Severity: critical · For: 5m · Runbook owner: platform on-call

What it means

More than 5% of API responses over the last 5 minutes returned 5xx. Customers see failed pulls / pushes / admin-page loads. Unlike OrbitalRegAPIDown the API is up — it's returning quickly, just with errors.

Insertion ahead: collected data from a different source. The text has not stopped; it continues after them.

(* Consider binary floating-point arithmetic with precision $p \ge 2$ and unit round-off $u = 2^{-p}$, where every operation (including square root) is correctly rounded to nearest, $\mathrm{RN}$. Let $x,y$ be floating-point numbers and consider the algorithm $s_x \gets \mathrm{RN}(x^2)$, $s_y \gets \mathrm{RN}(y^2)$, $\sigma \gets \mathrm{RN}(s_x+s_y)$, $\rho \gets \mathrm{RN}(\sqrt{\sigma})$. Barring underflow and overflow, for $u \le 1/4$ the relative error $R = \rho/\sqrt{x^2+y^2} - 1$ satisfies \[ |R| \le \frac{1+3u-\sqrt{1+2u}}{1+u} = 2u + \kappa u^2, \quad\text{with } \kappa < -\tfrac54. \]
   Context: A radix-2 floating-point number of precision $p$ has the form $M\cdot 2^{e-p+1}$ with integers $|M|\le 2^p-1$ and $e_{\min}\le e\le e_{\max}$. $\mathrm{RN}$ denotes rounding to nearest (ties-to-even) into this set. ''Barring underflow and overflow'' means all intermediate results lie in the normal range $2^{e_{\min}}\le |t|\le (2^p-1)2^{e_{\max}-p+1}$ (or are zero). The unit round-off is $u=2^{-p}$. *)

From Stdlib Require Import Reals ZArith Lra Lia.
Open Scope R_scope.

Definition is_float (p emin emax : Z) (x : R) : Prop :=
  exists M e : Z,
    x = IZR M * powerRZ 2 (e - p + 1) /\
    (Z.abs M <= 2 ^ p - 1)%Z /\ (emin <= e <= emax)%Z.

(* x has an even integral significand in its canonical representation
   (normalized, i.e. 2^(p-1) <= |M|, or with minimal exponent e = emin). *)
Definition is_even_float (p emin emax : Z) (x : R) : Prop :=
  exists M e : Z,
    x = IZR M * powerRZ 2 (e - p + 1) /\
    (Z.abs M <= 2 ^ p - 1)%Z /\ (emin <= e <= emax)%Z /\
    (e = emin \/ (2 ^ (p - 1) <= Z.abs M)%Z) /\
    Z.Even M.

(* r = RN(t): round to nearest, ties to even. *)
Definition is_RN (p emin emax : Z) (t r : R) : Prop :=
  is_float p emin emax r /\
  (forall f, is_float p emin emax f -> Rabs (r - t) <= Rabs (f - t)) /\
  (forall f, is_float p emin emax f -> f <> r ->
     Rabs (f - t) = Rabs (r - t) -> is_even_float p emin emax r).

(* t is zero or lies in the normal range (no underflow, no overflow). *)
Definition in_range (p emin emax : Z) (t : R) : Prop :=
  t = 0 \/
  (powerRZ 2 emin <= Rabs t <= IZR (2 ^ p - 1) * powerRZ 2 (emax - p + 1)).

Definition unit_roundoff (p : Z) : R := powerRZ 2 (- p).

From Stdlib Require Import Reals ZArith Lra Lia Psatz.
Open Scope R_scope.

(** Rounding a nonnegative t in the normal range to nearest has relative error
    at most eps = u/(1+u), so sigma is within a factor (1 ± eps)^2 of
    x^2 + y^2 and sqrt sigma within (1 ± eps) of sqrt (x^2 + y^2).  The final
    rounding does better: if 2^e <= t < 2^(e+1), the float t^2 = sigma is a
    multiple of 2u·4^e, so either t^2 <= (1+2u)·4^e and rounding down to 2^e
    costs at most d·t with d = 1 - 1/sqrt(1+2u), or t^2 >= (1+4u)·4^e and the
    half-ulp bound u·2^e is at most d·t as well.  Composing the relative errors
    gives d + eps + d·eps = (1 + 3u - sqrt(1+2u))/(1+u). *)

Local Notation pow2 z := (powerRZ 2 z).

Lemma pow2_pos z : 0 < pow2 z.
Proof. apply powerRZ_lt; lra. Qed.

Lemma pow2_add m n : pow2 (m + n) = pow2 m * pow2 n.
Proof. apply powerRZ_add; lra. Qed.

Lemma pow2_lt m n : (m < n)%Z -> pow2 m < pow2 n.
Proof.
  intro mn. rewrite !powerRZ_Rpower by lra.
  apply Rpower_lt; [lra | now apply IZR_lt].
Qed.

Lemma pow2_le m n : (m <= n)%Z -> pow2 m <= pow2 n.
Proof.
  intro mn. destruct (Z.eq_dec m n) as [-> |]; [lra |].
  apply Rlt_le, pow2_lt; lia.
Qed.

Lemma pow2_lt_inv m n : pow2 m < pow2 n -> (m < n)%Z.
Proof.
  intro lt_mn. destruct (Z_lt_le_dec m n) as [| nm]; [easy |].
  apply pow2_le in nm. lra.
Qed.

Lemma IZR_Zpow2 k : (0 <= k)%Z -> IZR (2 ^ k) = pow2 k.
Proof.
  intro k_ge0. rewrite <- (Z2Nat.id k k_ge0), <- pow_IZR, pow_powerRZ. reflexivity.
Qed.

Lemma pow2_binade t : 0 < t -> exists e, pow2 e <= t < pow2 (e + 1).
Proof.
  intro t_pos. set (l := ln t / ln 2).
  assert (ln2_pos : 0 < ln 2) by (rewrite <- ln_1; apply ln_increasing; lra).
  assert (ln_t : ln t = l * ln 2) by (unfold l; field; lra).
  exists (Int_part l). destruct (base_Int_part l) as [fl_le fl_gt].
  rewrite !powerRZ_Rpower, <- (exp_ln t), plus_IZR by lra. unfold Rpower.
  rewrite ln_t. split.
  - destruct fl_le as [fl_lt | fl_eq]; [apply Rlt_le, exp_increasing; nra |].
    rewrite fl_eq. lra.
  - apply exp_increasing. nra.
Qed.

Lemma unit_roundoff_pos p : 0 < unit_roundoff p.
Proof. apply pow2_pos. Qed.

Lemma pow2_ulp p e : pow2 (e - p + 1) = 2 * unit_roundoff p * pow2 e.
Proof.
  unfold unit_roundoff. replace (e - p + 1)%Z with (1 + - p + e)%Z by lia.
  rewrite !pow2_add. simpl. ring.
Qed.

Lemma Rabs_le_between x y : Rabs x <= y -> - y <= x <= y.
Proof. unfold Rabs. destruct (Rcase_abs x); lra. Qed.

Lemma div_one_plus_range u : 0 <= u -> 0 <= u / (1 + u) < 1.
Proof.
  intro u_ge. assert (u / (1 + u) * (1 + u) = u) by (field; lra). nra.
Qed.

Lemma sum_sqr_pos x y : x <> 0 \/ y <> 0 -> 0 < x * x + y * y.
Proof.
  intros [x_nz | y_nz]; pose proof (Rle_0_sqr x); pose proof (Rle_0_sqr y);
    [pose proof (Rsqr_pos_lt x x_nz) | pose proof (Rsqr_pos_lt y y_nz)];
    unfold Rsqr in *; lra.
Qed.

Lemma rel_error_add a a' b b' e :
  Rabs (a' - a) <= e * a -> Rabs (b' - b) <= e * b ->
  Rabs (a' + b' - (a + b)) <= e * (a + b).
Proof.
  intros. replace (a' + b' - (a + b)) with ((a' - a) + (b' - b)) by ring.
  eapply Rle_trans; [apply Rabs_triang | lra].
Qed.

Lemma sqrt_rel_error_twice e S T v : 0 <= e <= 1 -> 0 <= S ->
  Rabs (T - S) <= e * S -> Rabs (v - T) <= e * T ->
  Rabs (sqrt v - sqrt S) <= e * sqrt S.
Proof.
  intros e_range S_ge TS vT.
  apply Rabs_le_between in TS, vT. apply Rabs_le.
  assert (sqrt_lo : (1 - e) * sqrt S <= sqrt v).
  { rewrite <- (sqrt_square (1 - e)), <- sqrt_mult_alt by nra.
    apply sqrt_le_1_alt. nra. }
  assert (sqrt_hi : sqrt v <= (1 + e) * sqrt S).
  { rewrite <- (sqrt_square (1 + e)), <- sqrt_mult_alt by nra.
    apply sqrt_le_1_alt. nra. }
  lra.
Qed.

Lemma rel_error_compose d e s t r : 0 <= d -> 0 < s ->
  Rabs (t - s) <= e * s -> Rabs (r - t) <= d * t ->
  Rabs (r / s - 1) <= d + e + d * e.
Proof.
  intros d_ge s_pos ts rt.
  assert (t_le : t <= (1 + e) * s) by (apply Rabs_le_between in ts; lra).
  replace (r / s - 1) with ((r - t + (t - s)) / s) by (field; lra).
  unfold Rdiv. rewrite Rabs_mult, Rabs_inv, (Rabs_pos_eq s) by lra.
  apply Rmult_le_reg_r with s; [lra |].
  rewrite Rmult_assoc, Rinv_l by lra.
  pose proof (Rabs_triang (r - t) (t - s)). nra.
Qed.

Lemma rel_error_bound_eq u : 0 <= u ->
  (1 - 1 / sqrt (1 + 2 * u)) + u / (1 + u) + (1 - 1 / sqrt (1 + 2 * u)) * (u / (1 + u))
  = (1 + 3 * u - sqrt (1 + 2 * u)) / (1 + u).
Proof.
  intro u_ge. set (a := sqrt (1 + 2 * u)).
  assert (a_sqr : a * a = 1 + 2 * u) by (apply sqrt_sqrt; lra).
  assert (a_pos : 0 < a) by (apply sqrt_lt_R0; lra).
  clearbody a. replace u with ((a * a - 1) / 2) by lra.
  field. split; lra.
Qed.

Computed from the http_request_duration_seconds_count histogram counter, filtered by status=~"5..".

Likely causes

  1. Database is up but slow — pool exhaustion, lock contention, sequential scan from a missing index. 5xx = pool wait timeout.
  2. S3 backend is rate-limiting (HTTP 503 from MinIO under load, from AWS during a regional event).
  3. Downstream upstream cache / proxy returning 5xx the API can't recover from.
  4. A bad release — new code path returning 500 on a specific handler.

Diagnose

bash
# Top failing handlers in the last 5m
curl -sf https://orbitalreg.example.com/metrics \
  | grep '^http_request_duration_seconds_count.*status="5' \
  | sort -t'"' -k4

# Same data filtered to the last reset (Prom UI):
#   topk(5, sum by (route) (
#     rate(http_request_duration_seconds_count{status=~"5..",
#          job=~"orbitalreg.*api.*"}[5m])
#   ))

# DB pool saturation
kubectl -n orbitalreg exec deploy/orbitalreg-api -- sh -c '
  psql "$ORBITALREG_PG_DSN" -c "
    SELECT state, COUNT(*) FROM pg_stat_activity
     WHERE datname=current_database() GROUP BY 1;"
'

# Recent slow queries (requires pg_stat_statements)
kubectl -n orbitalreg exec deploy/orbitalreg-api -- sh -c '
  psql "$ORBITALREG_PG_DSN" -c "
    SELECT calls, mean_exec_time, query
      FROM pg_stat_statements ORDER BY mean_exec_time DESC LIMIT 10;"
'

If OTel tracing is enabled (item 27 of the roadmap), grab a trace ID from a 5xx response (X-Trace-Id header) and pull the span tree from your tracing backend — usually pinpoints the slow stage in seconds.

Fix

  1. Pool exhaustion — bump api.replicas (each pod has its own pool) or raise ORBITALREG_DB_POOL_MAX (per-pod). Watch CNPG's max_connections ceiling.
  2. S3 slow — check the S3 endpoint's metrics. If MinIO, restart the bottlenecked node. If AWS, set s3.presignTTL higher to reduce re-signing churn.
  3. Bad releasehelm rollback orbitalreg <previous>.
  4. Specific handler regression — quarantine via NetworkPolicy if it's an admin-only path; otherwise, rollback.

Escalate

  • 5xx rate still above threshold 10m after rollback → escalate to the OrbitalReg backend team. Likely the rollback didn't drain in-flight bad state (e.g., a corrupted Redis key); a coordinated flush + restart may be required.
  • Tracing shows 5xx originating in the S3 client with no obvious pattern → may be a transient regional event, file with the cloud provider before paging internally.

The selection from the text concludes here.